#### DATA ####

(* For each $N\ge2$ let $(\nu_r^{(1:N)})_{r\ge1}$ be random vectors of non-negative integers with $\sum_i\nu_r^{(i)}=N$, and assume that for all real $0 \le s < u$, $$\lim_{N\to\infty}\mathbb{E}\Bigg[\sum_{r=\tau_N(s)+1}^{\tau_N(u)} c_N(r)^2\Bigg] = 0.$$ Fix $k\in\mathbb{N}$, times $0=t_0\le t_1\le\cdots\le t_k\le t$, and strictly positive constants $K_1,\dots,K_k$. Define $$E_N := \bigcap_{j=1}^k\Bigg\{\sum_{s=\tau_N(t_{j-1})+1}^{\tau_N(t_j)} c_N(s)^2 \le K_j\Bigg\}.$$ Then $\lim_{N\to\infty}\mathbb{P}[E_N]=1$.
   Context: $(x)_k$ is the falling factorial; $c_N(r) := \frac{1}{(N)_2}\sum_i(\nu_r^{(i)})_2$; $\tau_N(u) := \inf\{s\in\{0,1,2,\dots\}: \sum_{r=1}^s c_N(r)\ge u\}$ (so $\tau_N(0)=0$); sums with upper limit below lower limit are $0$. *)

From HB Require Import structures.
From mathcomp Require Import all_boot all_order all_algebra.
From mathcomp Require Import all_classical all_reals all_analysis.
Set Implicit Arguments. Unset Strict Implicit. Unset Printing Implicit Defensive.
Import Order.TTheory GRing.Theory Num.Theory.
Local Open Scope ring_scope.

Definition cN {R : realType} (N : nat) (nu : 'I_N -> nat) : R :=
  (\sum_(i < N) ((nu i) ^_ 2)%:R) / ((N ^_ 2)%:R).

Definition psum {R : realType} (c : nat -> R) (s : nat) : R :=
  \sum_(1 <= r < s.+1) c r.

(* tau(u) = inf { s in N : psum c s >= u }, None encodes +infinity (inf of empty set) *)
Definition tau {R : realType} (c : nat -> R) (u : R) : option nat :=
  match pselect (exists s, u <= psum c s) with
  | left h => Some (@ex_minn (fun s => u <= psum c s) h)
  | right _ => None
  end.

Definition in_range (a b : option nat) (r : nat) : bool :=
  (if a is Some ta then (ta < r)%N else false) && (if b is Some tb then (r <= tb)%N else true).

Definition sqsum {R : realType} (c : nat -> R) (a b : R) : \bar R :=
  (\sum_(1 <= r <oo | in_range (tau c a) (tau c b) r) ((c r) ^+ 2)%:E)%E.

From HB Require Import structures.
From mathcomp Require Import all_boot all_order all_algebra.
From mathcomp Require Import all_classical all_reals all_analysis.
From mathcomp Require Import measurable_realfun.
Import Order.TTheory GRing.Theory Num.Theory.
Local Open Scope classical_set_scope.
Local Open Scope ring_scope.

(* By Markov's inequality P[S_j > K_j] <= E[S_j] / K_j, where S_j is the sum of
   squares over the j-th random time window; E[S_j] -> 0 by hypothesis (S_j = 0
   when t_{j-1} = t_j), and a union bound over the k windows gives
   P[E_N^c] -> 0.  The only technical point is that S_j is measurable: the event
   {tau_N(u) = m} is decided by the countably many measurable partial sums, so
   every indicator of r lying in the window is measurable. *)

Section countable_range.
Context {d d'} {T : measurableType d} {Y : measurableType d'}.

Lemma measurable_fun_countable_comp {C : countType} (h : T -> C) (g : C -> Y) :
  (forall x, measurable [set w | h w = x]) -> measurable_fun setT (g \o h).
Proof.
move=> mh _ A mA; rewrite setTI.
have -> : (g \o h) @^-1` A =
    \bigcup_n [set w | exists2 x, unpickle n = Some x /\ A (g x) & h w = x].
  apply/seteqP; split => w /=.
    by move=> Aw; exists (pickle (h w)) => //; exists (h w); rewrite ?pickleK.
  by move=> [n _ [x [_ Ax] hx]]; rewrite /= hx.
apply: bigcup_measurable => n _.
case: (unpickle n) => [x|]; last first.
  by rewrite (_ : [set _ | _] = set0) //; apply/seteqP; split => w // - [x []].
have [Ax|nAx] := pselect (A (g x)).
  rewrite (_ : [set _ | _] = [set w | h w = x]) //; apply/seteqP; split => w /=.
    by move=> [y [[->] _] ->].
  by move=> hw; exists x.
by rewrite (_ : [set _ | _] = set0) //; apply/seteqP; split => w // [y [[<-]]].
Qed.

Lemma measurable_natr_fiber (R : realType) (h : T -> nat) :
  measurable_fun setT (fun w => (h w)%:R : R) -> forall n, measurable [set w | h w = n].
Proof.
move=> mh n; have := mh measurableT [set (n%:R : R)] (measurable_set1 _).
rewrite setTI; congr measurable; apply/seteqP; split => w /=.
  by move/eqP; rewrite eqr_nat => /eqP.
by move=> ->.
Qed.

End countable_range.

Section tau_sqsum.
Context {R : realType} (c : nat -> R).

Lemma tau_SomeP a m :
  tau c a = Some m <-> a <= psum c m /\ forall s, (s < m)%N -> psum c s < a.
Proof.
rewrite /tau; case: pselect => [h|h]; last first.
  by split=> // -[am _]; case: h; exists m.
case: ex_minnP => n an nmin; split.
  by move=> [<-]; split=> // s; apply: contraTT; rewrite -leNgt -leqNgt; apply: nmin.
move=> [am mmin]; congr Some; apply/eqP; rewrite eqn_leq nmin //=.
by rewrite leqNgt; apply: contraTN an => /mmin; rewrite -ltNge.
Qed.

Lemma tau_NoneP a : tau c a = None <-> forall s, psum c s < a.
Proof.
rewrite /tau; case: pselect => [[s as_] | h]; split => //.
  by move=> /(_ s); rewrite ltNge as_.
by move=> _ s; rewrite ltNge; apply/negP => as_; apply: h; exists s.
Qed.

Lemma sqsum_ge0 a b : (0 <= sqsum c a b)%E.
Proof. by apply: nneseries_ge0 => r _ _; rewrite lee_fin sqr_ge0. Qed.

Lemma sqsumxx a : sqsum c a a = 0%E.
Proof.
apply: eseries0 => r _; rewrite /in_range.
by case: (tau c a) => // m; case: ltnP.
Qed.

End tau_sqsum.

Section measurable_sqsum.
Context d (T : measurableType d) (R : realType) (N : nat) (nu : nat -> 'I_N -> T -> nat).
Hypothesis mnu : forall r i, measurable_fun setT (fun w => (nu r i w)%:R : R).

Let c (w : T) : nat -> R := fun r => cN (fun i => nu r i w).

Lemma measurable_cN r : measurable_fun setT (fun w => c w r).
Proof.
apply: measurable_funM => //; apply: measurable_sum => i.
apply: (measurable_fun_countable_comp (nu r i) (fun n => (n ^_ 2)%:R : R)).
exact: measurable_natr_fiber.
Qed.

Lemma measurable_tau_eq a (o : option nat) : measurable [set w | tau (c w) a = o].
Proof.
have mpsum s : measurable_fun setT (fun w => psum (c w) s).
  by apply: measurable_sum => r; exact: measurable_cN.
have mlt s : measurable [set w | psum (c w) s < a].
  rewrite (_ : [set _ | _] = ~` [set w | a <= psum (c w) s]).
    by apply/measurableC; rewrite -[X in measurable X]setTI; exact: measurable_fun_le.
  by apply/seteqP; split => w /=; rewrite ltNge => /negP.
case: o => [m|].
  rewrite (_ : [set _ | _] = [set w | a <= psum (c w) m] `&`
      \bigcap_(s in [set s | (s < m)%N]) [set w | psum (c w) s < a]).
    apply: measurableI; last by apply: bigcap_measurableType => s _.
    by rewrite -[X in measurable X]setTI; apply: measurable_fun_le.
  by apply/seteqP; split => w /tau_SomeP.
rewrite (_ : [set _ | _] = \bigcap_(s in setT) [set w | psum (c w) s < a]).
  by apply: bigcap_measurableType.
apply/seteqP; split => w /= => [/tau_NoneP h s _ | h]; first exact: h.
by apply/tau_NoneP => s; exact: h.
Qed.

Lemma measurable_sqsum a b : measurable_fun setT (fun w => sqsum (c w) a b).
Proof.
rewrite /sqsum; under eq_fun do rewrite eseries_mkcond eseries_cond.
apply: (ge0_emeasurable_sum (P := fun r => (1 <= r)%N)) => [r w _ _ | r _].
  by case: ifP => // _; rewrite lee_fin sqr_ge0.
apply: measurable_fun_ifT; last 2 first.
- by apply/measurable_EFinP/measurable_funX; exact: measurable_cN.
- exact: measurable_cst.
apply: (measurable_fun_countable_comp (fun w => (tau (c w) a, tau (c w) b))
  (fun p => in_range p.1 p.2 r)).
move=> [oa ob]; rewrite (_ : [set _ | _] =
    [set w | tau (c w) a = oa] `&` [set w | tau (c w) b = ob]).
  by apply: measurableI; exact: measurable_tau_eq.
by apply/seteqP; split => w /= => [[-> ->] | [-> ->]].
Qed.

End measurable_sqsum.

Section vanishing_events.
Context d (T : nat -> measurableType d) (R : realType).
Local Open Scope ereal_scope.

Lemma markov_cvg0 (mu : forall N, {measure set (T N) -> \bar R})
    (X : forall N, T N -> \bar R) (a : R) :
  (0 < a)%R -> (forall N w, 0 <= X N w) ->
  (\forall N \near \oo, measurable_fun setT (X N)) ->
  (fun N => \int[mu N]_w X N w) @ \oo --> 0 ->
  (fun N => mu N [set w | a%:E < X N w]) @ \oo --> 0.
Proof.
move=> a0 X0 mX EX0.
apply: (@squeeze_cvge _ _ _ _ (cst 0) _ (fun N => a^-1%:E * \int[mu N]_w X N w)).
- near=> N; have mXN : measurable_fun setT (X N) by near: N.
  rewrite measure_ge0 /= lee_pdivlMl //.
  have := le_integral_comp_abse (mu N) measurableT (measurable_id (D := setT))
    (fun r h => h) (fun x y _ _ h => h) mXN a0.
  under eq_integral do rewrite gee0_abs //.
  apply: le_trans; apply: lee_wpmul2l; first by rewrite lee_fin ltW.
  apply: le_measure; rewrite ?inE.
  + by rewrite -[X in measurable X]setTI; exact: emeasurable_fun_o_infty.
  + apply: emeasurable_fun_c_infty => //; exact: measurableT_comp mXN.
  + by move=> w /= /ltW aX; rewrite gee0_abs.
- exact: cvg_cst.
- by rewrite -(mule0 a^-1%:E); apply: cvgeZl.
Unshelve. all: end_near.
Qed.

Lemma union_bound_cvg0 (mu : forall N, {measure set (T N) -> \bar R})
    (A : forall N, nat -> set (T N)) k :
  (\forall N \near \oo, forall j, (j < k)%N -> measurable (A N j)) ->
  (forall j, (j < k)%N -> (fun N => mu N (A N j)) @ \oo --> 0) ->
  (fun N => mu N (\bigcup_(j < k) A N j)) @ \oo --> 0.
Proof.
move=> mA A0.
apply: (@squeeze_cvge _ _ _ _ (cst 0) _ (fun N => \sum_(j < k) mu N (A N j))).
- near=> N; rewrite measure_ge0 bigcup_mkord /=.
  by apply: Boole_inequality; near: N.
- exact: cvg_cst.
- rewrite [X in _ --> X](_ : _ = \sum_(j < k) (0 : \bar R)); last by rewrite big1_eq.
  apply: cvg_nnesum => j _; last exact: A0.
  by near=> N; exact: measure_ge0.
Unshelve. all: end_near.
Qed.

Lemma probability_bigcap_cvg1 (P : forall N, probability (T N) R)
    (A : forall N, nat -> set (T N)) k :
  (\forall N \near \oo, forall j, (j < k)%N -> measurable (A N j)) ->
  (forall j, (j < k)%N -> (fun N => P N (~` A N j)) @ \oo --> 0) ->
  (fun N => P N (\bigcap_(j < k) A N j)) @ \oo --> 1.
Proof.
move=> mA cA0.
have PE : \forall N \near \oo,
    1 - P N (\bigcup_(j < k) ~` A N j) = P N (\bigcap_(j < k) A N j).
  near=> N; rewrite -setC_bigcap -probability_setC ?setCK //.
  by apply/measurableC/bigcap_measurableType; near: N.
rewrite -[X in _ --> X]sube0; apply: cvg_trans (near_eq_cvg PE) _.
apply: cvgeB => //; first exact: cvg_cst.
apply: union_bound_cvg0 => //.
by near=> N => j jk; apply: measurableC; move: j jk; near: N.
Unshelve. all: end_near.
Qed.

End vanishing_events.

Theorem lemma15 (R : realType) (d : measure_display)
  (T : nat -> measurableType d) (P : forall N, probability (T N) R)
  (nu : forall N : nat, nat -> 'I_N -> T N -> nat)
  (nu_meas : forall N r (i : 'I_N), (2 <= N)%N ->
      measurable_fun setT (fun w => ((nu N r i w)%:R : R)))
  (nu_sum : forall N r w, (2 <= N)%N -> (1 <= r)%N ->
      (\sum_(i < N) nu N r i w)%N = N)
  (Hlim : forall s u : R, 0 <= s -> s < u ->
      ((fun N => (\int[P N]_w sqsum (fun r => cN (fun i => nu N r i w)) s u)%E)
         @ \oo --> 0%E))
  (k : nat) (t : nat -> R) (tt : R)
  (t0 : t 0%N = 0)
  (t_mono : forall j, (j < k)%N -> t j <= t j.+1)
  (t_le : t k <= tt)
  (K : nat -> R) (K_pos : forall j, (1 <= j <= k)%N -> 0 < K j) :
  (fun N => P N [set w | forall j, (1 <= j <= k)%N ->
      (sqsum (fun r => cN (fun i => nu N r i w)) (t j.-1) (t j) <= (K j)%:E)%E])
    @ \oo --> 1%E.
Proof.
pose S N j w := sqsum (fun r => cN (fun i => nu N r i w)) (t j.-1) (t j).
have mS : \forall N \near \oo, forall j, measurable_fun setT (S N j).
  near=> N => j; apply: measurable_sqsum => r i; apply: nu_meas.
  by near: N; exact: nbhs_infty_ge.
have t_ge0 j : (j <= k)%N -> 0 <= t j.
  elim: j => [|j IHj] jk; first by rewrite t0.
  exact: le_trans (IHj (ltnW jk)) (t_mono j jk).
have ES j : (j < k)%N -> (fun N => (\int[P N]_w S N j.+1 w)%E) @ \oo --> 0%E.
  move=> jk; have := t_mono j jk; rewrite le_eqVlt => /predU1P[tE|tlt].
    rewrite (_ : (fun N => _) = cst 0%E); first exact: cvg_cst.
    apply/funext => N; rewrite -(integral0 (P N) setT).
    by apply: eq_integral => w _; rewrite /S /= tE sqsumxx.
  exact: Hlim (t_ge0 j (ltnW jk)) tlt.
have -> : (fun N => P N [set w | forall j, (1 <= j <= k)%N ->
      (sqsum (fun r => cN (fun i => nu N r i w)) (t j.-1) (t j) <= (K j)%:E)%E]) =
    (fun N => P N (\bigcap_(j < k) [set w | (S N j.+1 w <= (K j.+1)%:E)%E])).
  apply/funext => N; congr (P N _); apply/seteqP; split => w /= Sw.
    by move=> j jk; apply: Sw.
  by case=> [//|j] /= jk; apply: Sw.
apply: probability_bigcap_cvg1 => [|j jk].
  near=> N; have mSN : forall j, measurable_fun setT (S N j) by near: N.
  by move=> j _; rewrite -[X in measurable X]setTI; apply: measurable_lee.
rewrite (_ : (fun N => _) = fun N => P N [set w | ((K j.+1)%:E < S N j.+1 w)%E]).
  apply: markov_cvg0 (ES j jk).
  - exact: K_pos.
  - by move=> N w; exact: sqsum_ge0.
  - by apply: filterS mS => N /(_ j.+1).
apply/funext => N; congr (P N _).
by apply/seteqP; split => w /=; rewrite ltNge => /negP.
Unshelve. all: end_near.
Qed.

####

◆ **ABOUT THIS EXERCISE**
Among the lines above, repeat exactly those from the line with "right _ => None" to the line with "case: (unpickle n) => [x|]; last first.", counting both ends.

◆ **FINAL ANSWER**
  | right _ => None
  end.

Definition in_range (a b : option nat) (r : nat) : bool :=
  (if a is Some ta then (ta < r)%N else false) && (if b is Some tb then (r <= tb)%N else true).

Definition sqsum {R : realType} (c : nat -> R) (a b : R) : \bar R :=
  (\sum_(1 <= r <oo | in_range (tau c a) (tau c b) r) ((c r) ^+ 2)%:E)%E.

From HB Require Import structures.
From mathcomp Require Import all_boot all_order all_algebra.
From mathcomp Require Import all_classical all_reals all_analysis.
From mathcomp Require Import measurable_realfun.
Import Order.TTheory GRing.Theory Num.Theory.
Local Open Scope classical_set_scope.
Local Open Scope ring_scope.

(* By Markov's inequality P[S_j > K_j] <= E[S_j] / K_j, where S_j is the sum of
   squares over the j-th random time window; E[S_j] -> 0 by hypothesis (S_j = 0
   when t_{j-1} = t_j), and a union bound over the k windows gives
   P[E_N^c] -> 0.  The only technical point is that S_j is measurable: the event
   {tau_N(u) = m} is decided by the countably many measurable partial sums, so
   every indicator of r lying in the window is measurable. *)

Section countable_range.
Context {d d'} {T : measurableType d} {Y : measurableType d'}.

Lemma measurable_fun_countable_comp {C : countType} (h : T -> C) (g : C -> Y) :
  (forall x, measurable [set w | h w = x]) -> measurable_fun setT (g \o h).
Proof.
move=> mh _ A mA; rewrite setTI.
have -> : (g \o h) @^-1` A =
    \bigcup_n [set w | exists2 x, unpickle n = Some x /\ A (g x) & h w = x].
  apply/seteqP; split => w /=.
    by move=> Aw; exists (pickle (h w)) => //; exists (h w); rewrite ?pickleK.
  by move=> [n _ [x [_ Ax] hx]]; rewrite /= hx.
apply: bigcup_measurable => n _.
case: (unpickle n) => [x|]; last first.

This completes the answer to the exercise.